I am coming to the end of a 3 month stint at the company I left to go freelance 10 years ago.
I cannot wait to get back out and into projects and consulting.
The commmuting, the endless meetings, the fannying around, the politics, the useless gits, the people who live to work, the inexperience, the senior guys who spend the money I am making on recarpeting their offices...aargh!
Yes, it's nice having someone to sort IT and travel arrangements and supply an inexhaustable range of envelopes. But I am now completely convinced freelancing is FOR ME.
may have lapsed into 'grass is greener' mode a bit there, possibly need to remind myself of all the pros of my work?
was just thinking how nice it would be if 1. got sick pay, 2. could phase a part-time return to work as am really below par now and 3. could have holiday time, weekends etc - rose tinted glasses probably
thanks for all the things to think about though, had to adapt during the recession and make a downward transition from working fewer, planned and profitable hours to just doing endless unskilled work. I am the problem though, I rarely if ever say no to the third party I get lots of work through - would and have had exactly the same problem with employers, so would take that with me where ever I worked?
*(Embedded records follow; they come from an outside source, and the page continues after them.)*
(* Let $Z$ be a separable real Hilbert space and let $f:Z\to\mathbb{R}$ be a continuous convex function. Then there exist a unique closed linear subspace $X_f$ of $Z$, a unique vector $v_f\in X_f^{\perp}$, and a unique essentially directionally coercive convex function $c_f:X_f\to\mathbb{R}$ such that $$f(z)=c_f(P_{X_f}(z))+\langle v_f,z\rangle\quad\text{for all } z\in Z.$$ Moreover, $X_f=\overline{\mathrm{span}}\{u-w: u\in\partial f(z),\ w\in\partial f(y),\ z,y\in Z\}$, and $v_f=Q_{X_f}(\xi_0)$ for any $z_0\in Z$ and any $\xi_0\in\partial f(z_0)$, where $Q_{X_f}=I-P_{X_f}$ is the orthogonal projection of $Z$ onto $X_f^{\perp}$.
   Context: For a closed linear subspace $X$ of a Hilbert space $Z$, $P_X:Z\to X$ denotes the orthogonal projection and $X^\perp$ the orthogonal complement; $\overline{\mathrm{span}}(V)$ is the closure of the linear span of $V$. For a convex $f:Z\to\mathbb{R}$, $\partial f(x)=\{\xi\in Z: f(y)\ge f(x)+\langle \xi,y-x\rangle \text{ for all } y\in Z\}$. A function $g$ on a Banach space $X$ is directionally coercive if $\lim_{t\to\infty} g(x+tv)=\infty$ for every $x\in X$ and every $v\in X\setminus\{0\}$; it is essentially directionally coercive if there exists a continuous linear functional $\ell\in X^*$ such that $g-\ell$ is directionally coercive. *)

From Stdlib Require Import Reals Lra Classical ClassicalEpsilon.
Open Scope R_scope.

Record PreHilbert := {
  hcar :> Type;
  hzero : hcar;
  hadd : hcar -> hcar -> hcar;
  hopp : hcar -> hcar;
  hscal : R -> hcar -> hcar;
  hinner : hcar -> hcar -> R;
  hadd_assoc : forall x y z, hadd x (hadd y z) = hadd (hadd x y) z;
  hadd_comm : forall x y, hadd x y = hadd y x;
  hadd_0l : forall x, hadd hzero x = x;
  hadd_oppr : forall x, hadd x (hopp x) = hzero;
  hscal_assoc : forall a b x, hscal a (hscal b x) = hscal (a * b) x;
  hscal_1 : forall x, hscal 1 x = x;
  hscal_addr : forall a x y, hscal a (hadd x y) = hadd (hscal a x) (hscal a y);
  hscal_addl : forall a b x, hscal (a + b) x = hadd (hscal a x) (hscal b x);
  hinner_sym : forall x y, hinner x y = hinner y x;
  hinner_addl : forall x y z, hinner (hadd x y) z = hinner x z + hinner y z;
  hinner_scall : forall a x y, hinner (hscal a x) y = a * hinner x y;
  hinner_pos : forall x, 0 <= hinner x x;
  hinner_def : forall x, hinner x x = 0 -> x = hzero
}.

Arguments hzero {_}. Arguments hadd {_}. Arguments hopp {_}.
Arguments hscal {_}. Arguments hinner {_}.

Definition hsub {Z : PreHilbert} (x y : Z) : Z := hadd x (hopp y).
Definition hnorm {Z : PreHilbert} (x : Z) : R := sqrt (hinner x x).

Definition hCauchy {Z : PreHilbert} (u : nat -> Z) : Prop :=
  forall eps, 0 < eps -> exists N, forall m n, (N <= m)%nat -> (N <= n)%nat ->
    hnorm (hsub (u m) (u n)) < eps.
Definition hconverges {Z : PreHilbert} (u : nat -> Z) (l : Z) : Prop :=
  forall eps, 0 < eps -> exists N, forall n, (N <= n)%nat -> hnorm (hsub (u n) l) < eps.

Record Hilbert := {
  hpre :> PreHilbert;
  hcomplete : forall u : nat -> hpre, hCauchy u -> exists l, hconverges u l
}.

Definition separable (Z : Hilbert) : Prop :=
  exists d : nat -> Z, forall z eps, 0 < eps -> exists n, hnorm (hsub (d n) z) < eps.

Definition closed_subspace {Z : PreHilbert} (X : Z -> Prop) : Prop :=
  X hzero /\
  (forall x y, X x -> X y -> X (hadd x y)) /\
  (forall a x, X x -> X (hscal a x)) /\
  (forall u l, (forall n, X (u n)) -> hconverges u l -> X l).

Definition orth {Z : PreHilbert} (X : Z -> Prop) (v : Z) : Prop :=
  forall x, X x -> hinner v x = 0.

Definition is_proj {Z : PreHilbert} (X : Z -> Prop) (z p : Z) : Prop :=
  X p /\ orth X (hsub z p).

(** The orthogonal projection P_X (chosen by epsilon; it exists and is unique
    when X is a closed subspace of a Hilbert space). *)
Definition proj {Z : PreHilbert} (X : Z -> Prop) (z : Z) : Z :=
  epsilon (inhabits hzero) (fun p => is_proj X z p).

Definition coproj {Z : PreHilbert} (X : Z -> Prop) (z : Z) : Z :=
  hsub z (proj X z).

Definition closed_span {Z : PreHilbert} (S : Z -> Prop) (z : Z) : Prop :=
  forall Y : Z -> Prop, closed_subspace Y -> (forall s, S s -> Y s) -> Y z.

Definition subdiff {Z : PreHilbert} (f : Z -> R) (x xi : Z) : Prop :=
  forall y, f y >= f x + hinner xi (hsub y x).

Definition continuous_fun {Z : PreHilbert} (f : Z -> R) : Prop :=
  forall z eps, 0 < eps -> exists delta, 0 < delta /\
    forall y, hnorm (hsub y z) < delta -> Rabs (f y - f z) < eps.

Definition convex_on {Z : PreHilbert} (X : Z -> Prop) (g : Z -> R) : Prop :=
  forall x y t, X x -> X y -> 0 <= t <= 1 ->
    g (hadd (hscal t x) (hscal (1 - t) y)) <= t * g x + (1 - t) * g y.

Definition convex {Z : PreHilbert} (f : Z -> R) : Prop := convex_on (fun _ => True) f.

Definition cont_linear_on {Z : PreHilbert} (X : Z -> Prop) (l : Z -> R) : Prop :=
  (forall x y, X x -> X y -> l (hadd x y) = l x + l y) /\
  (forall a x, X x -> l (hscal a x) = a * l x) /\
  (exists M, forall x, X x -> Rabs (l x) <= M * hnorm x).

Definition dir_coercive_on {Z : PreHilbert} (X : Z -> Prop) (g : Z -> R) : Prop :=
  forall x v, X x -> X v -> v <> hzero ->
    forall M, exists T, forall t, T <= t -> M <= g (hadd x (hscal t v)).

Definition ess_dir_coercive_on {Z : PreHilbert} (X : Z -> Prop) (g : Z -> R) : Prop :=
  exists l, cont_linear_on X l /\ dir_coercive_on X (fun x => g x - l x).

Definition decomposition {Z : PreHilbert} (f : Z -> R)
    (X : Z -> Prop) (v : Z) (c : Z -> R) : Prop :=
  closed_subspace X /\ orth X v /\ convex_on X c /\ ess_dir_coercive_on X c /\
  forall z, f z = c (proj X z) + hinner v z.

(* Let X be the closed span of differences of subgradients of f. All subgradients then have
   the same component v orthogonal to X. Since subgradients exist on a dense set (proximal
   points) and f is continuous, f is affine with slope v along X^perp, so
   f z = f (P_X z) + <v, z>, and c := f restricted to X works.  For essential coercivity,
   separability gives a point l, a strictly positive convex combination of a dense sequence
   of subgradients: if <xi, u> <= <l, u> for every subgradient xi then all the <xi, u> are
   equal, i.e. u is orthogonal to X.  Hence for 0 <> u in X some subgradient has
   <xi, u> > <l, u>, and the subgradient inequality makes f - <l, .> grow linearly along u.
   Uniqueness: in any decomposition (X', v', c'), f is affine with slope v' along X'^perp,
   which forces every subgradient to agree with v' there, so X is contained in X'; a
   nonzero direction of X' orthogonal to X would be a line along which c' - l is affine,
   contradicting directional coercivity. *)

From Stdlib Require Import Reals Lra Psatz Classical ClassicalEpsilon.
From Stdlib Require Cantor.
Open Scope R_scope.

Section InnerProduct.
Context {Z : PreHilbert}.
Implicit Types x y z : Z.

Lemma hinner_0l y : hinner hzero y = 0.
Proof.
  assert (H := hinner_addl Z hzero hzero y). rewrite hadd_0l in H. lra.
Qed.

Lemma hinner_0r y : hinner y hzero = 0.
Proof. rewrite hinner_sym. apply hinner_0l. Qed.

Lemma hinner_addr x y z : hinner x (hadd y z) = hinner x y + hinner x z.
Proof. rewrite !(hinner_sym Z x). apply hinner_addl. Qed.

Lemma hinner_scalr a x y : hinner x (hscal a y) = a * hinner x y.
Proof. rewrite !(hinner_sym Z x). apply hinner_scall. Qed.

Lemma hinner_oppl x y : hinner (hopp x) y = - hinner x y.
Proof.
  assert (H := hinner_addl Z x (hopp x) y). rewrite hadd_oppr, hinner_0l in H. lra.
Qed.

Lemma hinner_oppr x y : hinner y (hopp x) = - hinner y x.
Proof. rewrite !(hinner_sym Z y). apply hinner_oppl. Qed.

Lemma hinner_subl x y z : hinner (hsub x y) z = hinner x z - hinner y z.
Proof. unfold hsub. rewrite hinner_addl, hinner_oppl. ring. Qed.

Lemma hinner_subr x y z : hinner z (hsub x y) = hinner z x - hinner z y.
Proof. unfold hsub. rewrite hinner_addr, hinner_oppr. ring. Qed.

End InnerProduct.

Ltac hinner_simpl := repeat first
  [ rewrite hinner_addl | rewrite hinner_addr | rewrite hinner_scall | rewrite hinner_scalr
  | rewrite hinner_subl | rewrite hinner_subr | rewrite hinner_oppl | rewrite hinner_oppr
  | rewrite hinner_0l | rewrite hinner_0r ].
Ltac hinner_simpl_in H := repeat first
  [ rewrite hinner_addl in H | rewrite hinner_addr in H | rewrite hinner_scall in H
  | rewrite hinner_scalr in H | rewrite hinner_subl in H | rewrite hinner_subr in H
  | rewrite hinner_oppl in H | rewrite hinner_oppr in H | rewrite hinner_0l in H
  | rewrite hinner_0r in H ].

Section Norm.
Context {Z : PreHilbert}.
Implicit Types x y z : Z.

Lemma hsub_eq0 x y : hsub x y = hzero -> x = y.
Proof.
  intro H. unfold hsub in H.
  assert (E : hadd (hadd x (hopp y)) y = x).
  { rewrite <- hadd_assoc, (hadd_comm Z (hopp y)), hadd_oppr, hadd_comm, hadd_0l.
    reflexivity. }
  rewrite H, hadd_0l in E. auto.
Qed.

(* Vector identities are proved by testing against every [w] and normalising with [hinner_simpl]. *)
Lemma hvec_ext x y : (forall w, hinner x w = hinner y w) -> x = y.
Proof. intro H. apply hsub_eq0, hinner_def. hinner_simpl. rewrite !H. ring. Qed.

Lemma hsub_diag x : hsub x x = hzero.
Proof. apply hvec_ext; intro; hinner_simpl; ring. Qed.

Lemma hnorm_ge0 x : 0 <= hnorm x.
Proof. apply sqrt_pos. Qed.

Lemma hnorm_sqr x : hnorm x * hnorm x = hinner x x.
Proof. apply sqrt_sqrt, hinner_pos. Qed.

Lemma hnorm_0 : hnorm (@hzero Z) = 0.
Proof. unfold hnorm. rewrite hinner_0l. apply sqrt_0. Qed.

Lemma hnorm_lt_sqr x e : 0 < e -> (hnorm x < e <-> hinner x x < e * e).
Proof. intro He. rewrite <- hnorm_sqr. assert (H := hnorm_ge0 x). split; intro; nra. Qed.

Lemma Cauchy_Schwarz_sqr x y : hinner x y * hinner x y <= hinner x x * hinner y y.
Proof.
  destruct (Req_dec (hinner y y) 0) as [E|E].
  - apply hinner_def in E. subst. hinner_simpl. nra.
  - assert (Hy := hinner_pos Z y).
    set (t := hinner x y / hinner y y).
    assert (H := hinner_pos Z (hsub x (hscal t y))). hinner_simpl_in H.
    rewrite (hinner_sym Z y x) in H.
    assert (Ht : t * hinner y y = hinner x y) by (unfold t; field; auto).
    assert (hinner x y * hinner x y = t * hinner x y * hinner y y) by (rewrite <- Ht; ring).
    nra.
Qed.

Lemma Cauchy_Schwarz x y : Rabs (hinner x y) <= hnorm x * hnorm y.
Proof.
  unfold hnorm. rewrite <- sqrt_mult by apply hinner_pos.
  rewrite <- sqrt_Rsqr_abs. apply sqrt_le_1_alt. apply Cauchy_Schwarz_sqr.
Qed.

Lemma hnorm_triang x y : hnorm (hadd x y) <= hnorm x + hnorm y.
Proof.
  assert (H1 := hnorm_ge0 x); assert (H2 := hnorm_ge0 y).
  assert (H3 := hnorm_ge0 (hadd x y)).
  enough (hnorm (hadd x y) * hnorm (hadd x y) <= (hnorm x + hnorm y) * (hnorm x + hnorm y))
    by nra.
  rewrite hnorm_sqr. hinner_simpl. rewrite (hinner_sym Z y x).
  assert (H := Cauchy_Schwarz x y). assert (H' := Rle_abs (hinner x y)).
  assert (E1 := hnorm_sqr x); assert (E2 := hnorm_sqr y). nra.
Qed.

Lemma hnorm_scal a x : hnorm (hscal a x) = Rabs a * hnorm x.
Proof.
  apply Rsqr_inj; unfold Rsqr.
  - apply hnorm_ge0.
  - apply Rmult_le_pos; [apply Rabs_pos|apply hnorm_ge0].
  - rewrite hnorm_sqr. hinner_simpl.
    replace (Rabs a * hnorm x * (Rabs a * hnorm x))
      with ((Rabs a * Rabs a) * (hnorm x * hnorm x)) by ring.
    rewrite hnorm_sqr, <- Rabs_mult, Rabs_right by nra. ring.
Qed.

Lemma hdist_triang x y z : hnorm (hsub x z) <= hnorm (hsub x y) + hnorm (hsub y z).
Proof.
  replace (hsub x z) with (hadd (hsub x y) (hsub y z))
    by (apply hvec_ext; intro; hinner_simpl; ring).
  apply hnorm_triang.
Qed.

Lemma hdist_sym x y : hnorm (hsub x y) = hnorm (hsub y x).
Proof. unfold hnorm. f_equal. hinner_simpl. rewrite (hinner_sym Z x y). ring. Qed.

Lemma hconverges_inner (u : nat -> Z) l v : hconverges u l ->
  forall eps, 0 < eps -> exists N, forall n, (N <= n)%nat ->
    Rabs (hinner (u n) v - hinner l v) < eps.
Proof.
  intros Hc eps He.
  assert (Hv := hnorm_ge0 v).
  destruct (Hc (eps / (hnorm v + 1))) as [N HN]; [apply Rdiv_lt_0_compat; lra|].
  exists N. intros n Hn. specialize (HN n Hn).
  replace (hinner (u n) v - hinner l v) with (hinner (hsub (u n) l) v) by (hinner_simpl; ring).
  eapply Rle_lt_trans; [apply Cauchy_Schwarz|].
  assert (Hu := hnorm_ge0 (hsub (u n) l)).
  assert (eps / (hnorm v + 1) * (hnorm v + 1) = eps) by (field; lra).
  apply Rle_lt_trans with (eps / (hnorm v + 1) * hnorm v); [apply Rmult_le_compat_r|]; nra.
Qed.

End Norm.
Section Subspaces.
Context {Z : PreHilbert}.
Implicit Types (X : Z -> Prop) (x y z w : Z).

Lemma closed_subspace_sub X x y : closed_subspace X -> X x -> X y -> X (hsub x y).
Proof.
  intros (H0 & Ha & Hs & Hl) Hx Hy.
  replace (hsub x y) with (hadd x (hscal (-1) y))
    by (apply hvec_ext; intro; hinner_simpl; ring).
  auto.
Qed.

Lemma closed_subspace_hyperplane v : closed_subspace (fun y => hinner v y = 0).
Proof.
  repeat split.
  - apply hinner_0r.
  - intros x y Hx Hy. rewrite hinner_addr, Hx, Hy. ring.
  - intros a x Hx. rewrite hinner_scalr, Hx. ring.
  - intros u l Hu Hc. destruct (Req_dec (hinner v l) 0) as [E|E]; auto.
    exfalso. destruct (hconverges_inner u l v Hc (Rabs (hinner v l))) as [N HN].
    { apply Rabs_pos_lt; auto. }
    specialize (HN N (le_n _)). rewrite (hinner_sym Z (u N)), Hu, (hinner_sym Z l) in HN.
    rewrite Rminus_0_l, Rabs_Ropp in HN. lra.
Qed.

Lemma closed_span_closed_subspace (S : Z -> Prop) : closed_subspace (closed_span S).
Proof.
  unfold closed_span. split; [|split; [|split]].
  - intros Y HY _. apply HY.
  - intros x y Hx Hy Y HY HS. apply HY; [apply Hx|apply Hy]; auto.
  - intros a x Hx Y HY HS. apply HY, Hx; auto.
  - intros u l Hu Hc Y HY HS. apply (proj2 (proj2 (proj2 HY)) u l); auto.
    intro n. apply Hu; auto.
Qed.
You could take out illness insurance if you really, really wanted it!
But you should be factoring these things into your hourly rate -as you don't get paid for hols or sick days - so you should be earning more than if you were employed!
You could have a slush fund of say - a day's pay a month - and put it into a bank account - should you ever have a day off - the money is there!
You need to factor in:
20 days holidays (minimum)
10 days bank holidays
10 days sick
20 days downtime between contracts (minimum)
Gross you have 5*52=260 days but you only work 200 or so.
Then you have to raise the permanent salary but a contribution for costs in replacing you (agency fees for example), then employer NI costs, insurances, any pension payments etc.
So when you work it out versus the permanent salary, your starting 50k salary might well be 80k and you'd divide that by 200 to get £40 per hour. You should be invoicing significantly over that £40 per hour as a risk premium for being freelance, costs of running your business, tax etc. If you cannot, then you are better off on PAYE.
OP I'm in a similar situation. I feel like my work and home life are recently merging into one another, meaning I'm always trying to do one when I should be doing the other.
Working with the kids around is exhausting, and fitting a full work day into a school one is equally so. I need more childcare but can't afford it and I have to say 3point14's post has made me see why.
I don't invoice enough to have any kind of slush fund or back up and have been craving a break (a real break) for a while now, but even when I'm not working I'm thinking about all the things I should be doing and how I'm going to make up my hours so I don't lose money.
I'm a strong believer in doing whatever is right for you at the time - I'm starting to feel like I want the challenge of working for someone else again, even in a different sector but there's a part of me that really does value the independence and flexibility that comes with freelancing and I'm afraid I'll feel suffocated in an office.